Empirical power analysis
The empirical power of the countfitteR framework was compared with the two-step distribution selection (52). We have performed statistical simulations with a range of distributional assumptions based on the scheme published elsewhere (46). We have extended the proposed scheme by considering more values of parameters defining the distributions.
We have generated univariate data from Poisson (λ), ZIP (λ, r), NB (λ, θ), and ZINB (λ, θ, r) distributions. Each data set consists of 1,000 replications of samples with one of three possible sample sizes (n=50, 100, 200), and one of three possible means (λ =2, 5, 10). For zero-inflated distributions, the r ranges from 0.1 to 0.9 In the case of NB and ZINB distributions, similarly to Perumean-Chaney et al. (46), we have parameterized the dispersion parameter θ as . Additionally, we have considered θ equal to λ and 2λ.
Here, we have defined empirical power as the ability to select the correct distribution among Poisson, ZIP, NB, and ZINB. However, depending on the distribution, the two-step procedure does not work correctly and provides no answer (labeled as “uncomputable”). Although this behavior stems from the numerical assumptions of the two-step procedure, we have decided to highlight it in results to keep the comparison with the countfitteR framework fair.
The code necessary to reproduce the simulation study is available in the supplementary repository: https://github.com/BioGenies/countfitteR-simulations.

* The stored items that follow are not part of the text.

(* Let $n\in\mathbb N$ and $b=n^2+1$. Then for every $m\in\{2,3,\dots,n\}$, the number $(m\cdot n)^2$ is antipalindromic in base $b$.
   Context: For an integer $b\ge 2$, every natural number $x$ has a unique base-$b$ expansion $x=a_\ell b^\ell+\dots+a_1b+a_0$ with $a_0,\dots,a_\ell\in\{0,1,\dots,b-1\}$ and $a_\ell\neq 0$. The number $x$ is antipalindromic in base $b$ if $a_j=b-1-a_{\ell-j}$ for all $j\in\{0,1,\dots,\ell\}$. *)

From mathcomp Require Import all_boot.
Set Implicit Arguments. Unset Strict Implicit. Unset Printing Implicit Defensive.

Definition base_expansion (b x : nat) (a : seq nat) : Prop :=
  [/\ size a > 0,
      all (fun d => d < b) a,
      nth 0 a (size a).-1 != 0 &
      x = \sum_(j < size a) nth 0 a j * b ^ j].

Definition antipalindromic (b x : nat) : Prop :=
  exists a : seq nat, base_expansion b x a /\
    forall j, j <= (size a).-1 ->
      nth 0 a j = b - 1 - nth 0 a ((size a).-1 - j).

From mathcomp Require Import all_boot.
From mathcomp Require Import zify.

(* With b = n^2 + 1 and d = m^2 - 1 one has (m n)^2 = d b + (b - 1 - d), so
   (m n)^2 has the two base-b digits [b - 1 - d; d], which are complementary. *)

Lemma antipalindromic_two_digits (b d : nat) :
  0 < d < b -> antipalindromic b (d * b + (b - 1 - d)).
Proof.
move=> /andP[d_gt0 d_ltb].
exists [:: b - 1 - d; d]; split.
  split=> //=.
  - by rewrite !andbT; apply/andP; split; lia.
  - by rewrite -lt0n.
  - by rewrite big_ord_recr big_ord_recr big_ord0 /= expn0 expn1 muln1 addnC.
by case=> [|[|j]] //= _; lia.
Qed.

Lemma sqrMn_digits (m n : nat) : 0 < m <= n ->
  (m * n) ^ 2 = (m ^ 2 - 1) * (n ^ 2 + 1) + (n ^ 2 + 1 - 1 - (m ^ 2 - 1)).
Proof.
move=> /andP[m_gt0 le_mn].
have : 0 < m ^ 2 by rewrite expn_gt0 m_gt0.
have : m ^ 2 <= n ^ 2 by rewrite leq_exp2r.
rewrite expnMn; case: (m ^ 2) => [|M] // le_MN _; nia.
Qed.

Theorem mainTheorem10 (n : nat) :
  forall m : nat, 2 <= m <= n -> antipalindromic (n ^ 2 + 1) ((m * n) ^ 2).
Proof.
move=> m /andP[m_ge2 le_mn].
rewrite sqrMn_digits; last by rewrite le_mn (leq_trans _ m_ge2).
apply: antipalindromic_two_digits.
have : 2 ^ 2 <= m ^ 2 by rewrite leq_exp2r.
have : m ^ 2 <= n ^ 2 by rewrite leq_exp2r.
lia.
Qed.
Lemma A_Tpow_bound f Cf k n : 0 <= Cf ->
  (forall m, Cmod (f (2 * S m)%nat) <= Cf * INR (S m)) ->
  Cmod (A_seq f (Tpow g k u) n) <= Cf * D * pw v k * pw r n.
Proof.
  intros HCf Hf. pose proof (pw_nonneg v k ltac:(lra)). pose proof (pw_nonneg r n ltac:(lra)).
  destruct n as [|m]; unfold A_seq; cbv beta iota.
  - rewrite Cmod_0. apply Rmult_le_pos; [apply Rmult_le_pos; [nra|]|]; auto.
  - rewrite Cmod_mult. pose proof (Hf m). pose proof (Hu k m).
    pose proof (Cmod_ge_0 (f (2 * S m)%nat)). pose proof (Cmod_ge_0 (Tpow g k u m)).
    pose proof (pow_le_pw v k ltac:(lra)). pose proof (pow_le v k ltac:(lra)).
    pose proof (pow_le r m ltac:(lra)). pose proof (pos_INR (S m)).
    assert (Hm : INR (S m) * r ^ m <= pw r (S m)).
    { unfold pw. simpl pred. apply Rmult_le_compat_r; [auto|rewrite !S_INR; lra]. }
    apply Rle_trans with ((Cf * INR (S m)) * (D * v ^ k * r ^ m)); [apply Rmult_le_compat; lra|].
    apply Rle_trans with (Cf * D * v ^ k * (INR (S m) * r ^ m)); [right; ring|].
    apply Rmult_le_compat; [apply Rmult_le_pos; [nra|]|apply Rmult_le_pos|
                            apply Rmult_le_compat_l; [nra|]|]; auto.
Qed.
End DecayBounds.

Lemma Tdecay_N g u : Tdecay g u -> Tdecay g (N_seq u).
Proof.
  intros (v & r & D & Hv & Hr & HD & Hu).
  apply (dgeom_of_pw_bound _ (6 * D) v r); [lra|auto|auto|].
  intros k n. rewrite Tpow_N. eapply Rle_trans; [apply Cmod_triangle|].
  rewrite (Cmod_mult (INR k)), Cmod_mult, Cmod_R, Rabs_pos_eq by apply pos_INR.
  replace (Cmod (-2)%C) with 2 by (rewrite Cmod_R, Rabs_left; lra).
  pose proof (N_Tpow_bound g u v r D Hv Hr HD Hu k n).
  pose proof (mul_pred_le_pw (2 * D) v r k n _ ltac:(lra) ltac:(lra) ltac:(lra)
                (G_Tpow_bound g u v r D Hv Hr HD Hu (pred k) n)).
  lra.
Qed.

Lemma Tdecay_A f g beta Cf :
  (forall k, (g (2 * k + 2)%nat * f (2 * k + 2)%nat = (INR k + 1) * beta)%C) ->
  0 <= Cf -> (forall m, Cmod (f (2 * S m)%nat) <= Cf * INR (S m)) ->
  forall u, Tdecay g u -> Tdecay g (A_seq f u).
Proof.
  intros Hgf HCf Hf u (v & r & D & Hv & Hr & HD & Hu).
  pose proof (Cmod_ge_0 beta).
  apply (dgeom_of_pw_bound _ ((Cf + Cmod beta) * D) v r); [nra|auto|auto|].
  intros k n. rewrite (Tpow_A f g beta Hgf). eapply Rle_trans; [apply Cmod_triangle|].
  rewrite !Cmod_mult, Cmod_R, Rabs_pos_eq, Cmod_opp by apply pos_INR.
  pose proof (A_Tpow_bound g u v r D Hv Hr HD Hu f Cf k n HCf Hf).
  assert (Hb : Cmod beta * Cmod (Tpow g (pred k) u n) <= Cmod beta * D * v ^ pred k * r ^ n).
  { rewrite !Rmult_assoc. apply Rmult_le_compat_l; [auto|]. rewrite <- Rmult_assoc. apply Hu. }
  pose proof (mul_pred_le_pw (Cmod beta * D) v r k n _ ltac:(nra) ltac:(lra) ltac:(lra) Hb).
  lra.
Qed.

(** * The logarithm of [g_(N+2) L^2] on decaying vectors *)

Definition geom_conv (s : nat -> C) (l : C) : Prop :=
  exists E q, 0 <= q < 1 /\ forall K, Cmod (s K - l) <= E * q ^ K.

Lemma geom_conv_const c : geom_conv (fun _ => c) c.
Proof.
  exists 0, 0. split; [lra|]. intros K.
  replace (c - c)%C with (RtoC 0) by ring. rewrite Cmod_0. lra.
Qed.

Lemma geom_conv_lin a b s t l m : geom_conv s l -> geom_conv t m ->
  geom_conv (fun K => a * s K + b * t K)%C (a * l + b * m)%C.
Proof.
  intros (E1 & q1 & Hq1 & H1) (E2 & q2 & Hq2 & H2).
  set (q := Rmax q1 q2).
  assert (HE : forall E q' x, 0 <= q' <= q -> (forall K, Cmod (x K) <= E * q' ^ K) ->
                 forall K, Cmod (x K) <= Rmax E 0 * q ^ K).
  { intros E q' x Hq' Hx K. eapply Rle_trans; [apply Hx|].
    apply Rmult_le_compat; [|apply pow_le; lra|apply Rmax_l|apply pow_incr; lra].
    pose proof (Hx 0%nat). pose proof (Cmod_ge_0 (x 0%nat)). simpl in *. lra. }
  assert (Hq : 0 <= q < 1) by (apply Rmax_in_unit; auto).
  specialize (HE E1 q1 _ ltac:(split; [lra|apply Rmax_l]) H1) as H1'.
  specialize (HE E2 q2 _ ltac:(split; [lra|apply Rmax_r]) H2) as H2'.
  exists (Cmod a * Rmax E1 0 + Cmod b * Rmax E2 0), q. split; [auto|]. intros K.
  replace (a * s K + b * t K - (a * l + b * m))%C with (a * (s K - l) + b * (t K - m))%C by ring.
  eapply Rle_trans; [apply Cmod_triangle|]. rewrite !Cmod_mult.
  pose proof (Cmod_ge_0 a). pose proof (Cmod_ge_0 b).
  apply Rle_trans with (Cmod a * (Rmax E1 0 * q ^ K) + Cmod b * (Rmax E2 0 * q ^ K));
    [apply Rplus_le_compat; apply Rmult_le_compat_l; auto|right; ring].
Qed.

Lemma geom_conv_unique s l m : geom_conv s l -> geom_conv s m -> l = m.
Proof.
  intros (E1 & q1 & Hq1 & H1) (E2 & q2 & Hq2 & H2).
  set (q := Rmax q1 q2).
  assert (Hq : 0 <= q < 1) by (apply Rmax_in_unit; auto).
  assert (Hle : Cmod (l - m) <= 0).
  { apply (le_0_of_le_geom _ (Rabs E1 + Rabs E2) q Hq). intros K.
    replace (l - m)%C with ((s K - m) - (s K - l))%C by ring.
    unfold Cminus at 1. eapply Rle_trans; [apply Cmod_triangle|]. rewrite Cmod_opp.
    pose proof (H1 K). pose proof (H2 K).
    pose proof (pow_incr q1 q K ltac:(split; [lra|apply Rmax_l])).
    pose proof (pow_incr q2 q K ltac:(split; [lra|apply Rmax_r])).
    pose proof (pow_le q1 K ltac:(lra)). pose proof (pow_le q2 K ltac:(lra)).
    pose proof (Rle_abs E1). pose proof (Rle_abs E2). pose proof (Rabs_pos E1). pose proof (Rabs_pos E2).
    assert (E1 * q1 ^ K <= Rabs E1 * q ^ K) by (apply Rle_trans with (Rabs E1 * q1 ^ K); nra).
    assert (E2 * q2 ^ K <= Rabs E2 * q ^ K) by (apply Rle_trans with (Rabs E2 * q2 ^ K); nra).
    lra. }
  pose proof (Cmod_ge_0 (l - m)).
  assert (Hz : Cmod (l - m) = 0) by lra. apply Cmod_eq_0 in Hz.
  replace l with ((l - m) + m)%C by ring. rewrite Hz. ring.
Qed.

(** [log (1 - T) = - sum_(k>=1) T^k / k], truncated and summed coordinatewise. *)
Definition log_psum (g : nat -> C) (K : nat) (u : nat -> C) : nat -> C :=
  fun n => (- csum (fun k => / INR (S k) * Tpow g (S k) u n) K)%C.

Definition log_seq (g : nat -> C) (u : nat -> C) : nat -> C :=
  fun n => (- CSeries (fun k => / INR (S k) * Tpow g (S k) u n))%C.

Lemma INR_S_neq0 k : RtoC (INR (S k)) <> RtoC 0.
Proof. intros H. apply (not_0_INR (S k) (Nat.neq_succ_0 k)). exact (f_equal fst H). Qed.

Section LogBounds.
Variables (g u : nat -> C) (v r D : R).
Hypotheses (Hv : 0 <= v < 1) (Hr : 0 <= r < 1) (HD : 0 <= D)
  (Hu : forall k n, Cmod (Tpow g k u n) <= D * v ^ k * r ^ n).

Acquisition of data for case study
The protocol for foci quantification was adopted from previous studies (30,57). Hereby, the AKLIDES® Nuk Human Lymphocyte Complete Combi (4268) Kit (MEDIPAN GmbH, Germany) was used for the immunofluorescence staining of DNA repair foci. In detail, 104 HEp-2 (ATCC® CCL-23TM) cells were seeded in Dulbecco’s modified Eagle’s medium (DMEM; 10% fetal calf serum (FCS), 2 mM L-glutamine, 100 U/mL penicillin/streptomycin) on 10 well slides and incubated for 24 h (37 °C, 5% CO2). After incubation, the medium was discarded and the cells were incubated for 24 h with 5 µM etoposide in DMEM (10% FCS, 2 mM L-glutamine, 100 U/mL penicillin/streptomycin) to introduce DSBs. The medium was again discarded and the cells were fixated with 2% formaldehyde for 15 min at room temperature. The wells were rinsed three times with phosphate buffered saline (PBS; 140 mM NaCl, 2.7 mM KCl, 1 mM Na2HPO4·2H2O, 2 mM KH2PO4, pH 7.4) and blocked/permeabilized with 50 μL/well blocking/permeabilization buffer (5% bovine serum albumin, 0.3% Triton X-100 in PBS) for 30 min at room temperature. After removing the blocking buffer, the primary antibody (anti-γH2AX/53BP1) was added (1:500 dilution in blocking/permeabilization buffer) and the slides were incubated for 60 min at room temperature. Upon rinsing the slides three times with PBS, 25 μL/well of secondary antibody solution [1:500 dilution of anti-mouse/rabbit antibody, 5 μg/mL, 4,6-diamidino-2-phenylindole (DAPI)] was added. The slides were incubated for 1 h in the dark at room temperature and then rinsed three times with PBS. A drop of mounting medium was added to each well and slides were sealed with a cover slip. Images were taken via immunofluorescence microscopy and analyzed via bioimage informatics (35). Foci numbers per cell were determined using the CellProfiler (33) (v. 3.1.9) with standard speckle counting pipeline and NucDetect (v. 0.11.15.dev2) (58) software.
Results
Modi operandi of countfitteR
countfitteR (v. 1.4) uses R as a basis because this statistical computing language is also used in clinical research (59). It can be used in different modes. These are the use of the R console for the programmatic use of specific functions and the use of the software as an interactive application with a graphical user interface. countfitteR can be installed in the R console using the command “install.packages(‘countfitteR’)”. Once installed successfully, the functions and sample data sets from the package are available with the command “library(‘countfitteR’)” and can be used in dedicated R graphical user interfaces like RStudio or RKWard (60) (Figure 2). A detailed example is given in the Supplement document in section 3.
The countfitteR web server is an implementation of our framework as a graphical user interface running in the majority of modern browsers. The online version limits the user to datasets smaller than 5 MB. The local version can be used to analyze larger datasets.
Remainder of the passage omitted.